Les douze décrocheurs dont il est question ce mercredi ont été condamnés en appel pour «vol en
réunion» à des peines de 200 à 500 euros d’amendes, parfois avec sursis. Plusieurs d’entre eux
étaient présents ce mercredi, collés serrés entre les étudiants en droit et les journalistes au fond de la
chambre criminelle. Les portraits n’avaient pas été seulement enlevés mais aussi récupérés pour être
utilisés pendant des manifestations. «Il s’agissait de sortir symboliquement le Président pour le
mettre face au dérèglement climatique», insiste Ronald Maman, qui souhaite montrer que cette
action «n’aurait jamais eu l’impact qu’elle a eu si les portraits avaient été uniquement décrochés.»

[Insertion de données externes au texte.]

(* [excess_poly] in terms of P = X Y and S = X + Y; the bounds on S used by
   [excess_poly_chords] are chords of the curves S^2 = 16 + 2P and S^2 = 4P. *)
Lemma excess_poly_sym (P S : R) : 1 <= P -> 4 * P <= S ^+ 2 ->
  S ^+ 2 - 2 * P <= 16 -> 0 <= S -> S <= P + 1 ->
  13/200 * (P * P + P * S + P) <= P + S + 1 - 3163/10000 * (S ^+ 2 - 2 * P + S).
Proof.
move=> P_ge1 PS_amgm PS_16 S_ge0 S_le.
have P_le8 : P <= 8 by lra.
have chord_hi : 16 + 2 * P <= (566/100 + 177/1000 * (P - 8)) ^+ 2.
  by have := sqr_ge0 (P - 8); nra.
have S_hi : S <= 566/100 + 177/1000 * (P - 8) by rewrite leNgt; apply/negP; nra.
have P_mid : 0 <= (P - 1) * (8 - P) by apply: mulr_ge0; lra.
have chord_lo : (2 + 36/70 * (P - 1)) ^+ 2 <= 4 * P by nra.
have S_lo : 2 + 36/70 * (P - 1) <= S by rewrite leNgt; apply/negP; nra.
exact: excess_poly_chords.
Qed.

(* [weight_sub_shares_ge] with denominators cleared: X and Y are the square
   roots of the degrees of a light edge, and e stands for 1/sqrt D, D >= 10. *)
Lemma excess_poly (X Y e : R) : 1 <= X -> 1 <= Y -> X ^+ 2 + Y ^+ 2 <= 16 ->
  0 <= e -> e <= 3163/10000 ->
  13/200 * (X * Y * (X + 1) * (Y + 1)) <=
    (X + 1) * (Y + 1) - e * (Y * (Y + 1)) - e * (X * (X + 1)).
Proof.
move=> X_ge1 Y_ge1 XY_16 e_ge0 e_le.
have XY_ge1 : 1 <= X * Y by rewrite mulr_ege1.
have amgm : 4 * (X * Y) <= (X + Y) ^+ 2 by have := sqr_ge0 (X - Y); nra.
have sq16 : (X + Y) ^+ 2 - 2 * (X * Y) <= 16 by rewrite sqrrD; lra.
have sum_le : X + Y <= X * Y + 1 by nra.
have := excess_poly_sym XY_ge1 amgm sq16 (ltac:(lra) : 0 <= X + Y) sum_le.
have -> : X * Y * (X + 1) * (Y + 1) = (X * Y) * (X * Y) + (X * Y) * (X + Y) + X * Y.
  by ring.
have -> : (X + 1) * (Y + 1) - e * (Y * (Y + 1)) - e * (X * (X + 1)) =
    X * Y + (X + Y) + 1 - e * ((X + Y) ^+ 2 - 2 * (X * Y) + (X + Y)) by ring.
have : 0 <= (X + Y) ^+ 2 - 2 * (X * Y) + (X + Y) by rewrite sqrrD; nra.
move: (_ + (X + Y)) => Z Z_ge0; nra.
Qed.

End ExcessPoly.

Lemma weight_sub_shares_ge (R : rcfType) (p q D : nat) :
  (0 < p)%N -> (0 < q)%N -> (p + q <= 16)%N -> (10 <= D)%N ->
  13/200 <= (Num.sqrt (p%:R * q%:R))^-1
     - (Num.sqrt (D%:R : R))^-1 / (Num.sqrt p%:R * (Num.sqrt p%:R + 1))
     - (Num.sqrt D%:R)^-1 / (Num.sqrt q%:R * (Num.sqrt q%:R + 1)).
Proof.
rewrite -(ler_nat R _ 16) -(ler_nat R 10) natrD => p_gt0 q_gt0 pq_le D_ge.
have [p_ge1 q_ge1] : 1 <= p%:R :> R /\ 1 <= q%:R :> R by rewrite !ler1n.
rewrite sqrtrM ?ler0n //.
set X := Num.sqrt (p%:R : R); set Y := Num.sqrt (q%:R : R); set s := Num.sqrt (D%:R : R).
have X_ge1 : 1 <= X by apply: sqrtr_ge; rewrite ?expr1n; lra.
have Y_ge1 : 1 <= Y by apply: sqrtr_ge; rewrite ?expr1n; lra.
have X2 : X ^+ 2 = p%:R by rewrite sqr_sqrtr ?ler0n.
have Y2 : Y ^+ 2 = q%:R by rewrite sqr_sqrtr ?ler0n.
have s_ge : 3162/1000 <= s by apply: sqrtr_ge; lra.
have s_inv_le : s^-1 <= 3163/10000.
  by rewrite -div1r ler_pdivrMr; lra.
have XY16 : X ^+ 2 + Y ^+ 2 <= 16 by rewrite X2 Y2.
have s_inv_ge0 : 0 <= s^-1 by rewrite invr_ge0 sqrtr_ge0.
have := excess_poly X_ge1 Y_ge1 XY16 s_inv_ge0 s_inv_le.
have [X_gt0 Y_gt0 s_gt0] : [/\ 0 < X, 0 < Y & 0 < s] by split; lra.
have den_gt0 : 0 < X * Y * (X + 1) * (Y + 1) by rewrite !mulr_gt0 // addr_gt0.
have [X0 Y0 X1 Y1 s0] : [/\ X != 0, Y != 0, X + 1 != 0, Y + 1 != 0 & s != 0].
  by split; apply/eqP; lra.
have -> : (X * Y)^-1 - s^-1 / (X * (X + 1)) - s^-1 / (Y * (Y + 1)) =
    ((X + 1) * (Y + 1) - s^-1 * (Y * (Y + 1)) - s^-1 * (X * (X + 1)))
    / (X * Y * (X + 1) * (Y + 1)).
  by field; rewrite X0 Y0 X1 Y1 s0.
by rewrite ler_pdivlMr.
Qed.

Definition arc_weight (R : rcfType) (T : finType) (g : rel T) (u v : T) : R :=
  (Num.sqrt ((deg g u)%:R * (deg g v)%:R))^-1.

Avec son confrère, Me Paul Mathonnet, conseil des activistes de Strasbourg et Valence, ils ont
plaidé pour que la Cour reconnaisse à nouveau que leur action relève de la «liberté d’expression»

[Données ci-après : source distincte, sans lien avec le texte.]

(** In a dependent structure such patterns have bounded size; this is
    dependence of the formula obtained by swapping the variable blocks and
    compressing the x-block to its finitely many free variables. *)
Lemma dependent_ip_bound (L : signature) (M : structure L)
  (hne : inhabited (dom M)) (hdep : dependent M) Z q (phi : formula L (Z + 'I_q)) :
  exists n, forall b c, ~ @ip_pattern L M Z q phi n b c.
Proof.
case: hne => m0.
have [k [f [code Hcode]]] := finite_code m0 (fv phi).
pose swap (v : Z + 'I_q) : 'I_q + 'I_k :=
  match v with inl z => inr (f (inl z)) | inr j => inl j end.
apply: NNPP => unbounded; apply: (hdep q k (frename phi swap)) => n.
have [b [c hbc]] : exists b c, @ip_pattern L M Z q phi n b c.
  apply: NNPP => none; apply: unbounded; exists n => b c hbc.
  by apply: none; exists b, c.
exists b, (fun w => code (join (c w) (fun _ => m0))) => i w.
rewrite sat_rename -(hbc i w); apply: sat_ext => -[z|j] hz //=.
by rewrite Hcode.
Qed.

Section Filter.

Variables (I : Type) (D : (I -> Prop) -> Prop).
Hypothesis hD : proper_filter D.

Lemma positive_mono (X Y : I -> Prop) :
  (forall t, X t -> Y t) -> positive D X -> positive D Y.
Proof. by move=> XY hX Z hZ; have [t [/XY ? ?]] := hX Z hZ; exists t. Qed.

Lemma positive_nonempty (X : I -> Prop) : positive D X -> exists t, X t.
Proof. by case: hD => hT _ _ _ /(_ _ hT) [t [? _]]; exists t. Qed.

Lemma positive_full : positive D (fun _ => True).
Proof.
case: hD => _ hup _ hF Y hY; apply: NNPP => none; apply: hF.
by apply: (hup _ _ hY) => t ht; apply: none; exists t.
Qed.

Lemma not_positive (X : I -> Prop) :
  ~ positive D X -> exists Y, D Y /\ forall t, Y t -> ~ X t.
Proof.
move=> npos; apply: NNPP => none; apply: npos => Y hY.
apply: NNPP => disj; apply: none; exists Y; split=> // t hYt hXt.
by apply: disj; exists t.
Qed.

Definition decides (X P : I -> Prop) : Prop :=
  exists tv : bool, eq_mod D (fun t => X t /\ (if tv then P t else ~ P t)) X.

Lemma undecided_split (X P : I -> Prop) :
  ~ decides X P ->
  positive D (fun t => X t /\ P t) /\ positive D (fun t => X t /\ ~ P t).
Proof.
move=> undec; split; apply: NNPP => /not_positive [Y [hY disj]]; apply: undec.
- exists false, Y; split=> // t /disj XP; split=> [[] //|Xt].
  by split=> // Pt; apply: XP.
- exists true, Y; split=> // t /disj XnP; split=> [[] //|Xt].
  by split=> //; apply: NNPP => nPt; apply: XnP.
Qed.

End Filter.

Section Cells.

Variables (I : Type) (D : (I -> Prop) -> Prop).
Hypothesis hD : proper_filter D.
Variables (Test : Type) (holds : Test -> I -> Prop).

Definition cell m (A : 'I_m -> Test) (w : {set 'I_m}) : I -> Prop :=
  fun t => forall i, i \in w <-> holds (A i) t.

Definition independent m (A : 'I_m -> Test) : Prop :=
  forall w, positive D (cell A w).

Definition good_partition : Prop :=
  exists kstar (S : 'I_kstar -> I -> Prop),
    [/\ is_partition S, forall k, positive D (S k)
      & forall x, exists k, decides D (S k) (holds x)].

Definition truth (P : Prop) : bool :=
  if excluded_middle_informative P then true else false.

Lemma truthP (P : Prop) : truth P <-> P.
Proof. by rewrite /truth; case: excluded_middle_informative. Qed.

Lemma cell_partition m (A : 'I_m -> Test) :
  is_partition (fun k : 'I_#|{: {set 'I_m}}| => cell A (enum_val k)).
Proof.
split=> [t|k k' t hk hk'].
- exists (enum_rank [set i | truth (holds (A i) t)]).
  by rewrite /cell enum_rankK => i; rewrite inE truthP.
- apply: enum_val_inj; apply/setP => i.
  by apply/idP/idP => [/hk /hk'|/hk' /hk].
Qed.

Definition snoc m (A : 'I_m -> Test) (x : Test) (i : 'I_m.+1) : Test :=
  if unlift ord_max i is Some j then A j else x.

Lemma cell_snoc m (A : 'I_m -> Test) x (w : {set 'I_m.+1}) t :
  cell (snoc A x) w t <->
  cell A [set j | lift ord_max j \in w] t /\ (ord_max \in w <-> holds x t).
Proof.
rewrite /cell /snoc; split=> [h|[h1 h2] i].
- split=> [j|]; last by have := h ord_max; rewrite unlift_none.
  by rewrite inE; have := h (lift ord_max j); rewrite liftK.
- by case: (unliftP ord_max i) => [j|] ->; rewrite ?liftK -?h1 ?inE ?unlift_none.
Qed.

Lemma independent_snoc m (A : 'I_m -> Test) x :
  (forall w, positive D (fun t => cell A w t /\ holds x t) /\
             positive D (fun t => cell A w t /\ ~ holds x t)) ->
  independent (snoc A x).
Proof.
move=> split_cells w; have [pos_in pos_out] := split_cells [set j | lift ord_max j \in w].
case: (boolP (ord_max \in w)) => [wx|nwx].
- by apply: positive_mono pos_in => t [hA hx]; apply/cell_snoc; split=> //; split.
- apply: positive_mono pos_out => t [hA hx]; apply/cell_snoc; split=> //.
  by split=> // /(negP nwx).
Qed.

(** If no good partition exists, there are independent families of every
    size: the cells of an independent family form a positive partition,
    so some test splits all of them. *)
Lemma independent_of_no_good_partition :
  ~ good_partition -> forall m, exists A : 'I_m -> Test, independent A.
Proof.
move=> nogood; elim=> [|m [A indA]].
  have empty_family : 'I_0 -> Test by case.
  exists empty_family => w.
  by apply: positive_mono (positive_full hD) => t _ [].
pose S (k : 'I_#|{: {set 'I_m}}|) := cell A (enum_val k).
have [x splits_all] : exists x, forall k, ~ decides D (S k) (holds x).
  apply: NNPP => none; apply: nogood; exists _, S; split.
  - exact: cell_partition.
  - by move=> k; apply: indA.
  - move=> x; apply: NNPP => undec; apply: none; exists x => k dec.
    by apply: undec; exists k.
exists (snoc A x); apply: independent_snoc => w.
by have := undecided_split (splits_all (enum_rank w)); rewrite /S enum_rankK.
Qed.

(** Subfamilies of independent families are independent: each cell of the
    subfamily contains a cell of the whole family. *)
Lemma independent_restrict m n (A : 'I_m -> Test) (g : 'I_n -> 'I_m) :
  injective g -> independent A -> independent (A \o g).
Proof.
move=> g_inj indA w; apply: positive_mono (indA [set g i | i in w]) => t hA i.
by rewrite -(mem_imset _ _ g_inj); apply: hA.
Qed.

End Cells.

Lemma pigeonhole_fiber k (bound : 'I_k -> nat) N (label : 'I_N -> 'I_k) :
  \sum_(l < k) bound l < N ->
  exists l (g : 'I_(bound l) -> 'I_N), injective g /\ forall i, label (g i) = l.
Proof.
move=> bound_lt.
have [l big_fiber] : exists l, bound l <= #|[set j | label j == l]|.
  apply: NNPP => small; move: bound_lt; apply/negP; rewrite -leqNgt.
  have small_fiber l : #|[set j | label j == l]| < bound l.
    by rewrite ltnNge; apply/negP => le; apply: small; exists l.
  rewrite -{1}(card_ord N) -sum1_card (partition_big label predT) //=.
  apply: leq_sum => l _; apply: leq_trans (ltnW (small_fiber l)).
  by rewrite -sum1_card; apply: eq_leq; apply: eq_bigl => j; rewrite inE.
pose fiber := [set j | label j == l].
exists l, (fun i => enum_val (A := fiber) (widen_ord big_fiber i)); split.
- by move=> i j /enum_val_inj /(congr1 val) /= /val_inj.
- by move=> i; have := enum_valP (A := fiber) (widen_ord big_fiber i); rewrite inE => /eqP.
Qed.

Lemma dependent_good_partition (L : signature) (M : structure L)
  (hne : inhabited (dom M)) (hdep : dependent M)
  (Z : Type) (nstar : nat) (len : 'I_nstar -> nat)
  (phi : forall n : 'I_nstar, formula L (Z + 'I_(len n)))
  (I : Type) (D : (I -> Prop) -> Prop) (hD : proper_filter D) (a : I -> Z -> M) :
  good_partition D (fun (x : {l : 'I_nstar & 'I_(len l) -> M}) t =>
                      sat (phi (tag x)) (join (a t) (tagged x))).
Proof.
apply: NNPP => nogood.
have /fin_all_exists [bound no_pattern] := fun l => dependent_ip_bound hne hdep (phi l).
have [A indA] := independent_of_no_good_partition hD nogood (\sum_(l < nstar) bound l).+1.
have [l [g [g_inj g_label]]] := pigeonhole_fiber (fun j => tag (A j)) (ltnSn _).
have indAg := independent_restrict g_inj indA.
have /fin_all_exists [b Ab] : forall i, exists bi, A (g i) = existT _ l bi.
  by move=> i; move: (g_label i); case: (A (g i)) => l' b' /= eq_l; subst l'; exists b'.
have /fin_all_exists [pt pt_cell] := fun w => positive_nonempty hD (indAg w).
apply: (no_pattern l b (fun w => a (pt w))) => i w.
by rewrite (pt_cell w i) /= Ab.
Qed.

Theorem claim8p1 (L : signature) (M : structure L) (hne : inhabited (dom M)) (hdep : dependent M)
  (Z : Type) (nstar : nat) (len : 'I_nstar -> nat)
  (phi : forall n : 'I_nstar, formula L (Z + 'I_(len n)))
  (I : Type) (D : (I -> Prop) -> Prop) (hD : proper_filter D)
  (a : I -> Z -> M) :
  exists (kstar : nat) (S : 'I_kstar -> I -> Prop),
    is_partition S /\
    (forall k, positive D (S k)) /\
    (forall (l : 'I_nstar) (b : 'I_(len l) -> M),
       exists (k : 'I_kstar) (tv : bool),
         eq_mod D
           (fun t => S k t /\
              (if tv then sat (phi l) (join (a t) b)
               else ~ sat (phi l) (join (a t) b)))
           (S k)).
Proof.
have [kstar [S [partS posS decS]]] := dependent_good_partition hne hdep phi hD a.
exists kstar, S; split=> //; split=> // l b.
exact: decS (existT _ l b).
Qed.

tout en faisant «avancer la décision du 22 septembre». Ronald Maman insiste : «Il faut approfondir
votre jurisprudence, préciser une grille de lecture à destination des juges pour qu’ils puissent
statuer sur la base de critères précis», dans les affaires liées au militantisme. «Notre société est
suffisamment pluraliste, solide, pour maîtriser, gérer ce type d’actions politiques», a abondé Paul
Mathonnet avant d’ajouter : «Non il n’y a pas de boîte de Pandore. Non, ça ne va pas être
l’anarchie.»

«Criminalisation de l’action militante»


Les deux avocats généraux ont de leur côté réclamé le rejet des pourvois, en estimant notamment
que les cours d’appel avaient vérifié qu’il n’y avait pas d’atteinte au droit fondamental que constitue
la liberté d’expression. «Le fait de décrocher portrait du chef de l’Etat n’est pas démonstratif de
son inertie sur les questions climatiques. Il doit y avoir un lien entre le délit et ce qu’on dénonce», a
argué le second, chargé du dossier parisien. Selon lui il ne s’agit que «d’un moyen d’attirer
l’attention». «Le message ne fait pas sens. On pourrait très bien s’imaginer que c’est un acte qui
traduit l’admiration du président de la République». La Cour de cassation rendra sa décision le 18
mai.

«On espère qu’ensuite, tous les tribunaux qui jugeront des faits similaires seront obligés de se
demander si oui ou non quelque chose d’aussi grave que le réchauffement climatique peut légitimer
un délit. Car non, il ne s’agit pas d’un simple “vol en réunion”», martèlent comme d’une seule voix
Rémi Donaint et Cécile Marchand du réseau ANV-COP21. En toile de fond, se joue un autre
combat, bien plus large, qu’ils décrivent ensemble à Libé. Celui de la «criminalisation de l’action
militante», de «l’intimidation» de ceux qui cheminent sur le terrain de la désobéissance civile. «Un
mouvement qui prend de l’ampleur et nous inquiète», et contre lequel aussi «il faut agir».